At one of those moments when, as the saying goes, we did not know which way to turn, since my grandmother was coughing and sneezing a good deal, we took the advice of a relative who assured us that if we sent for the specialist X—— the trouble would be over in a couple of days. Society people say that sort of thing about their own doctors, and their friends believe them just as Françoise always believed the advertisements in the newspapers. The specialist came with his bag packed with all the colds and coughs of his other patients, like Aeolus’s goatskin. My grandmother refused point-blank to let herself be examined. And we, out of consideration for this doctor who had been put to trouble for nothing, deferred to the desire that he expressed to inspect each of our noses in turn, although there was nothing the matter with any of them. According to him, however, there was; everything, whether headache or colic, heart-disease or diabetes, was a disease of the nose that had been wrongly diagnosed. To each of us he said: “I should like to have another look at that little nozzle. Don’t put it off too long. I’ll soon clear it for you with a hot needle.” Of course we paid no attention whatsoever. And yet we asked ourselves: “Clear it of what?” In a word, every one of our noses was infected; his mistake lay only in his use of the present tense. For by the following day his examination and provisional treatment had taken effect. Each of us had his or her catarrh. And when in the street he ran into my father doubled up with a cough, he smiled to think that an ignorant layman might suppose the attack to be due to his intervention. He had examined us at a moment when we were already ill.

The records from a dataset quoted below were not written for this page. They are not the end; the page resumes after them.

Section Discretization.
Variables (R : realType) (N : nat).
Local Notation n := N.+1.
Local Notation tau := (tau R n).
Local Notation sigma := (sigma R n).
Local Notation svec := (svec R n).
Local Notation cvec := (cvec R n).
Local Notation Amx := (Amx R n).
Local Notation Dmx := (Dmx R n).
Local Notation Bmx := (Bmx R n).
Local Notation cs i j := (cvec i *m (svec j)^T).
Local Notation sc i j := (svec i *m (cvec j)^T).

Lemma AmxE : Amx = tridiag N 2 (-1).
Proof. by []. Qed.

Lemma DmxE : Dmx = tridiag N 4 1.
Proof. by []. Qed.

Lemma trAmx : Amx^T = Amx.
Proof. exact: tridiag_tr. Qed.

Lemma trDmx : Dmx^T = Dmx.
Proof. exact: tridiag_tr. Qed.

Lemma Bmx_entry (k l : nat) :
  (if l == k then -1 else if l == k.+1 then 1 else 0) =
  (if l == k then -1 else 0) + (if l == k.+1 then 1 else 0) :> R.
Proof. by have [->|_] := eqVneq l k; rewrite ?add0r // ltn_eqF ?addr0. Qed.

Lemma trBmx_mul_col (f : nat -> R) : f 0%N = 0 -> f n = 0 ->
  Bmx^T *m \col_k f k.+1 = \col_l (f l - f l.+1).
Proof.
move=> f0 fn; apply/matrixP => l z; rewrite !mxE.
under eq_bigr => k _ do rewrite !mxE Bmx_entry mulrDl [(l : nat) == _]eq_sym.
rewrite big_split /= (sum_ord_dirac _ l (-1) (fun k => f k.+1)) addrC mulN1r.
congr (_ + _); last first.
  case: ltnP => // le_Nl; suff -> : (l : nat) = N by rewrite fn oppr0.
  by have := ltn_ord l; lia.
case: l => [[|l] lt_ln] /=; first by rewrite f0 big1 // => k _; rewrite mul0r.
under eq_bigr => k _ do rewrite eqSS eq_sym.
by rewrite (sum_ord_dirac _ l 1 (fun k => f k.+1)) -ltnS lt_ln mul1r.
Qed.

Lemma Bmx_mul_col (g : nat -> R) : Bmx *m \col_l g l = \col_k (g k.+1 - g k).
Proof.
apply/matrixP => k z; rewrite !mxE.
under eq_bigr => l _ do rewrite !mxE Bmx_entry mulrDl.
rewrite big_split /= (sum_ord_dirac _ k (-1) g) (sum_ord_dirac _ k.+1 1 g).
have lt_kN : (k < N)%N := ltn_ord k.
by rewrite !ltnS lt_kN (ltnW lt_kN) mulN1r mul1r addrC.
Qed.

Definition angle (j : nat) : R := j%:R * pi / n%:R.

Lemma svecE j : svec j = \col_k sin (k.+1%:R * angle j).
Proof. by apply/matrixP => k z; rewrite !mxE /angle !mulrA. Qed.

Lemma cvecE j : cvec j = \col_k (nu R j * cos ((k.*2.+1)%:R * (angle j / 2))).
Proof.
apply/matrixP => k z; rewrite !mxE /angle; congr (_ * cos _).
by field; rewrite nat1r pnatr_eq0.
Qed.

Lemma tauE j : tau j = - 2 * sin (angle j / 2).
Proof.
rewrite /Defs.tau /angle; congr (_ * sin _).
by field; rewrite nat1r pnatr_eq0.
Qed.

Lemma sin_n_angle j : sin (n%:R * angle j) = 0.
Proof. by rewrite /angle mulrCA divff ?pnatr_eq0 // mulr1 sin_natr_mulpi. Qed.

Lemma tau_nu j : tau j * nu R j = tau j.
Proof.
rewrite /nu; case: eqP => [->|_]; last exact: mulr1.
by rewrite /Defs.tau !(mul0r, sin0, mulr0).
Qed.

Lemma Amx_svec j : Amx *m svec j = tau j ^+ 2 *: svec j.
Proof.
rewrite svecE AmxE (@tridiag_mul_col _ _ _ _ (fun m => sin (m%:R * angle j))) /=;
  rewrite ?mul0r ?sin0 ?sin_n_angle //.
by apply/matrixP => k z; rewrite !mxE sin_natr_rec tauE cos_sin_half; ring.
Qed.

Lemma Dmx_svec j : Dmx *m svec j = sigma j *: svec j.
Proof.
rewrite svecE DmxE (@tridiag_mul_col _ _ _ _ (fun m => sin (m%:R * angle j))) /=;
  rewrite ?mul0r ?sin0 ?sin_n_angle //.
by apply/matrixP => k z; rewrite !mxE sin_natr_rec /Defs.sigma -/(angle j); ring.
Qed.

Lemma trBmx_svec j : Bmx^T *m svec j = tau j *: cvec j.
Proof.
rewrite svecE (@trBmx_mul_col (fun m => sin (m%:R * angle j))) ?mul0r ?sin0 ?sin_n_angle //.
by rewrite cvecE; apply/matrixP => l z; rewrite !mxE mulrA tau_nu tauE sin_natr_diff.
Qed.

Lemma Bmx_cvec j : Bmx *m cvec j = tau j *: svec j.
Proof.
rewrite cvecE (Bmx_mul_col (fun l => nu R j * cos ((l.*2.+1)%:R * (angle j / 2)))) svecE.
by apply/matrixP => k z; rewrite !mxE -mulrBr cos_odd_diff -tau_nu tauE; ring.
Qed.

Lemma trBmx_Bmx_cvec j : Bmx^T *m Bmx *m cvec j = tau j ^+ 2 *: cvec j.
Proof. by rewrite -mulmxA Bmx_cvec -scalemxAr trBmx_svec scalerA. Qed.

Lemma svec0 : svec 0 = 0.
Proof. by apply/matrixP => k z; rewrite !mxE mulr0 !mul0r sin0. Qed.

Lemma sigma_gt0 j : 0 < sigma j.
Proof. by rewrite /Defs.sigma; have := @cos_geN1 R (angle j); lra. Qed.

Lemma angle_ge0 j : 0 <= angle j.
Proof. by rewrite /angle !mulr_ge0 ?invr_ge0 ?ler0n ?pi_ge0. Qed.

Lemma angle_gt0 j : (0 < j)%N -> 0 < angle j.
Proof. by move=> j_gt0; rewrite /angle !mulr_gt0 ?invr_gt0 ?ltr0n ?pi_gt0. Qed.

Lemma angle_ltpi j : (j < n)%N -> angle j < pi.
Proof.
move=> lt_jn; rewrite /angle ltr_pdivrMr ?ltr0n // mulrC ltr_pM2l ?pi_gt0 //.
by rewrite ltr_nat.
Qed.

Lemma tau_sqr_lt i j : (i < j)%N -> (j < n)%N -> tau i ^+ 2 < tau j ^+ 2.
Proof.
move=> lt_ij lt_jn; rewrite !tauE.
have pi0 := pi_gt0 R; have ai_ge0 := angle_ge0 i; have aj_ltpi := angle_ltpi lt_jn.
have lt_angle : angle i < angle j.
  by rewrite /angle ltr_pM2r ?invr_gt0 ?ltr0n // ltr_pM2r // ltr_nat.
have lt_sin : sin (angle i / 2) < sin (angle j / 2).
  by rewrite ltr_sin ?in_itv /=; try (apply/andP; split); lra.
have : 0 <= sin (angle i / 2) by apply: sin_ge0_pi; apply/andP; split; lra.
nra.
Qed.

My grandmother’s illness gave occasion to various people to manifest an excess or deficiency of sympathy which surprised us quite as much as the sort of chance which led one or another of them to reveal to us connecting links of circumstances, or even of friendships, which we had never suspected. And the signs of interest shown by the people who called incessantly at the house to inquire revealed to us the gravity of an illness which, until then, we had not sufficiently detached from the countless painful impressions that we received by my grandmother’s sickbed. Informed by telegram, her sisters declined to leave Combray. They had discovered a musician there who gave them excellent chamber recitals, in listening to which they felt they could enjoy better than by the invalid’s bedside a contemplative melancholy, a sorrowful exaltation, the form of which was, to say the least of it, unusual. Mme Sazerat wrote to Mamma, but in the tone of a person whom the sudden breaking off of an engagement (the cause of the rupture being Dreyfusism) has separated from one for ever. Bergotte, on the other hand, came every day and spent several hours with me.